Therefore, detailed description thereof is omitted.
[0148] As shown in FIG. 23, two types of analog voltages supplied
from the power supply voltage source 123 are provided to a source
terminal of the current supply element T2 via the power supply
line.
[0149] As shown in FIG. 23, in this exemplary application, the
illumination time of the duty pulse for controlling the
illumination period control element T3 is fixed.
(c) Duty Pulse Generation Section
[0150] FIG. 24 shows an exemplary internal structure of the power
supply voltage control section 113. The power supply voltage
control section 113 includes three functional blocks: power supply
voltage value memories 131 and 133, and a selection circuit
135.
[0151] The power supply voltage value memory 131 is a storage
device for storing a standard power supply voltage value. The power
supply voltage value memory 131 is formed by a RAM, a ROM, or other
storage elements, for example. The power supply voltage value
memory 133 is a storage device for storing a power supply voltage
value (0 V) used for a period for which the power consumption value
exceeds the allowable power consumption value. The power supply
voltage value memory 133 is also formed by a RAM, a ROM, or other
storage elements, for example.
[0152] The selection circuit 135 is a processing device for
selectively outputting either power supply voltage value 1 (i.e.,
the standard value) or power supply voltage value 2 (i.e., 0 V)
based on the control signal supplied from the power consumption
control section 35.
[0153] In this example, the selection circuit 135 selects power
supply voltage value 1 (i.e., the standard value) when the control
signal indicates "ON" (i.e., when the predicted power consumption
value exceeds the allowable power consumption value).
[0154] Meanwhile, the selection circuit 135 selects power supply
voltage value 2 (i.e., 0 V) when the control signal indicates "OFF"
(i.e., when the predicted power consumption value does not exceed
the allowable power consumption value).
(d) Operation and Effect of Peak Brightness Control
[0155] FIGS. 25A to 25E show an example of the output of control
pulses related to the peak brightness control. FIG. 25A shows the
input timing of the vertical synchronization pulses VS. FIG. 25B
shows the input timing of the horizontal synchronization pulses
HS.
[0156] FIG. 25C shows the variation of the panel current value over
time. A dashed-dotted line in the figure represents the allowable
power consumption value, which is the criterion used by the power
consumption control section 35. In FIG. 25C, the panel current
value exceeds the allowable power consumption value at three
separate time periods.
[0157] FIG. 25D shows exemplary control signals outputted by the
power consumption control section 35. In FIG. 25D, the control
signal indicates "OFF" in most time periods. Note that the status
of the control signal is switchable on a horizontal line by
horizontal line basis.
[0158] FIG. 25E shows variation of the value of the power supply
voltage that is actually applied in accordance with the control by
the power supply voltage control section 113. As shown in FIG. 25E,
the power supply voltage value is 0 V only while the power
consumption value exceeds the allowable power consumption value.

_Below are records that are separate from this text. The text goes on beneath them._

Lemma P_le_at_clopen l u :
  os_open (P_of X) (P_le_at (fun rho => List.In rho l) u) /\
  os_open (P_of X) (fun w => ~ P_le_at (fun rho => List.In rho l) u w).
Proof.
pose l' := List.flat_map (fun rho : bool -> S => [:: rho true; rho false]) l.
have local b k (z z' : {x | Y k x}) : (forall s, List.In s l' -> proj1_sig z s = proj1_sig z' s) ->
    P_le_at (fun rho => List.In rho l) u (pinj b (existT _ k z)) <->
    P_le_at (fun rho => List.In rho l) u (pinj b (existT _ k z')).
  move=> zz'.
  have same_val rho : List.In rho l -> val6 (existT _ k z) \o rho = val6 (existT _ k z') \o rho.
    move=> Rrho; apply: functional_extensionality => i; rewrite /val6 /= zz' //.
    by apply/List.in_flat_map; exists rho; split=> //; case: i; [left|right; left].
  case: b; split=> -[sorts H]; split=> // rho Rrho; have := H rho Rrho;
    by rewrite /= (same_val rho Rrho).
split; apply: (@P_open_local l') => b k z z' /(local b) E.
- by move/E.
- by move=> not_le /E.
Qed.

Hypothesis Y_closed : forall k, prod_open (fun x => ~ Y k x).

Lemma SubPow_P_compact : compact_in (os_open (P_of X)) (fun _ => True).
Proof.
pose K (j : bool * 'I_n.+1) u := exists2 z : {x | Y j.2 x}, True & pinj j.1 (existT _ j.2 z) = u.
have K_compact j : compact_in (os_open (P_of X)) (K j).
  apply: (@compact_image _ _ (sub_open (Y j.2) (@prod_open S _))).
  - by case: j => [[] k] V [V1 V2]; [exact: V1 k | exact: V2 k].
  - apply: compact_sub; apply: (@compact_ext _ _ (fun x => True /\ Y j.2 x)) => [x|].
      by split=> [[]|].
    exact: compact_closed (@pow_compact S _ _ (@enumM_all j.2)) (@Y_closed j.2).
apply: compact_ext (compact_fin_union K_compact) => -[] [k z]; split=> // _.
- by exists (true, k); exists z.
- by exists (false, k); exists z.
Qed.

Lemma SubPow_priestley : Priestley (P_of X).
Proof.
split; [|split; [|split]].
- apply: P_topology => k; exact: sub_open_topology (prod_open_topology _ _).
- split; [exact: P_le_refl | split; [exact: P_le_antisym | exact: P_le_trans]].
- exact: compact_os SubPow_P_compact.
- move=> u v /P_le_at_witness [l not_le]; exists (P_le_at (fun rho => List.In rho l) u).
  have [U_open U_coopen] := P_le_at_clopen l u.
  split; last by split=> //; exact: P_le_at_refl.
  do 2 split=> //; move=> w w' uw /(P_le_at_of_le (fun rho => List.In rho l)).
  exact: P_le_at_trans uw.
Qed.

End SubPowP.

(** * The functor P *)

Section PMap.
Variables (n : nat) (X Y : MStruct n) (phi : forall k, ms_sort X k -> ms_sort Y k).
Hypothesis phi_morph : is_morph phi.

Lemma P_map_cont : os_continuous (P_map phi).
Proof.
case: phi_morph => phi_cont _ V [V1 V2].
by split=> k; [exact: phi_cont _ (V1 k) | exact: phi_cont _ (V2 k)].
Qed.

Lemma XU_le_map x y : XU_le x y -> XU_le (XU_map phi x) (XU_map phi y).
Proof.
case: phi_morph => _ [_ [phi_le phi_lejk]].
case: x y => j a [k b] [[e ab]|[j0 [jk ab]]]; last by right; do 2 split=> //; exact: phi_lejk.
by left; case: k / e b ab => b ab; exists erefl; exact: phi_le.
Qed.

Lemma XU_g_map x : ~ in0 x -> XU_g (XU_map phi x) = XU_map phi (XU_g x).
Proof.
case: phi_morph => _ [phi_g _]; case: x => k a; rewrite /in0 /XU_g /= => /eqP/negbTE k0.
by rewrite k0 /XU_map /= phi_g // lt0n k0.
Qed.

Lemma P_map_mono : os_monotone (P_map phi).
Proof.
have g_map x y : ~ in0 x -> XU_le (XU_g x) y -> XU_le (XU_g (XU_map phi x)) (XU_map phi y).
  by move=> x0 /XU_le_map; rewrite XU_g_map.
have map_g x y : ~ in0 y -> XU_le x (XU_g y) -> XU_le (XU_map phi x) (XU_g (XU_map phi y)).
  by move=> y0 /XU_le_map; rewrite XU_g_map.
case=> x [] y /=.
- case=> [xy|[x0 [y0 gxy]]]; first by left; exact: XU_le_map.
  by right; do 2 split=> //; exact: g_map.
- case=> [[x0 [y0 ygx]]|[[x0 [y0 xgy]]|[x0 [y0 [gxy|gyx]]]]].
  + by left; do 2 split=> //; exact: map_g.
  + by right; left; do 2 split=> //; exact: map_g.
  + by right; right; do 2 split=> //; left; rewrite !XU_g_map //; exact: XU_le_map.
  + by right; right; do 2 split=> //; right; rewrite !XU_g_map //; exact: XU_le_map.
- by [].
- case=> [yx|[x0 [y0 gyx]]]; first by left; exact: XU_le_map.
  by right; do 2 split=> //; exact: g_map.
Qed.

That is, during such a period, the entire display screen is
forcibly turned off. Needless to say, while the power consumption
value satisfies the allowable power consumption value, the standard
power supply voltage value is applied so that the entire display
screen is illuminated.
[0159] As described above, in this exemplary application, the
screen is forcibly turned off while the power consumption value
exceeds the allowable power consumption. Thus, it is possible to
prevent the actual power consumption value from exceeding the
allowable power consumption. (B-5) Exemplary Application 4 (Power
Supply Voltage Type)
[0160] Here, a method of regulating the power supply voltage value
to control the peak brightness of the organic EL display panel will
be described. Specifically, instead of the control of switching
between the two types of power supply voltage values, the power
supply voltage value is regulated steplessly.
(a) Apparatus Structure
[0161] FIG. 26 is a functional block diagram of a peak brightness
control apparatus 141 that contains the power consumption detection
apparatus. Note that in FIG. 26, parts having corresponding parts
in FIG. 22 are assigned the same reference numerals as in FIG.
22.
[0162] The peak brightness control apparatus 141 includes three
functional blocks: the power consumption detection section 33, a
power consumption control section 143, and a power supply voltage
control section 145. Exemplary application 4 differs from exemplary
application 3 in the power consumption control section 143 and the
power supply voltage control section 145.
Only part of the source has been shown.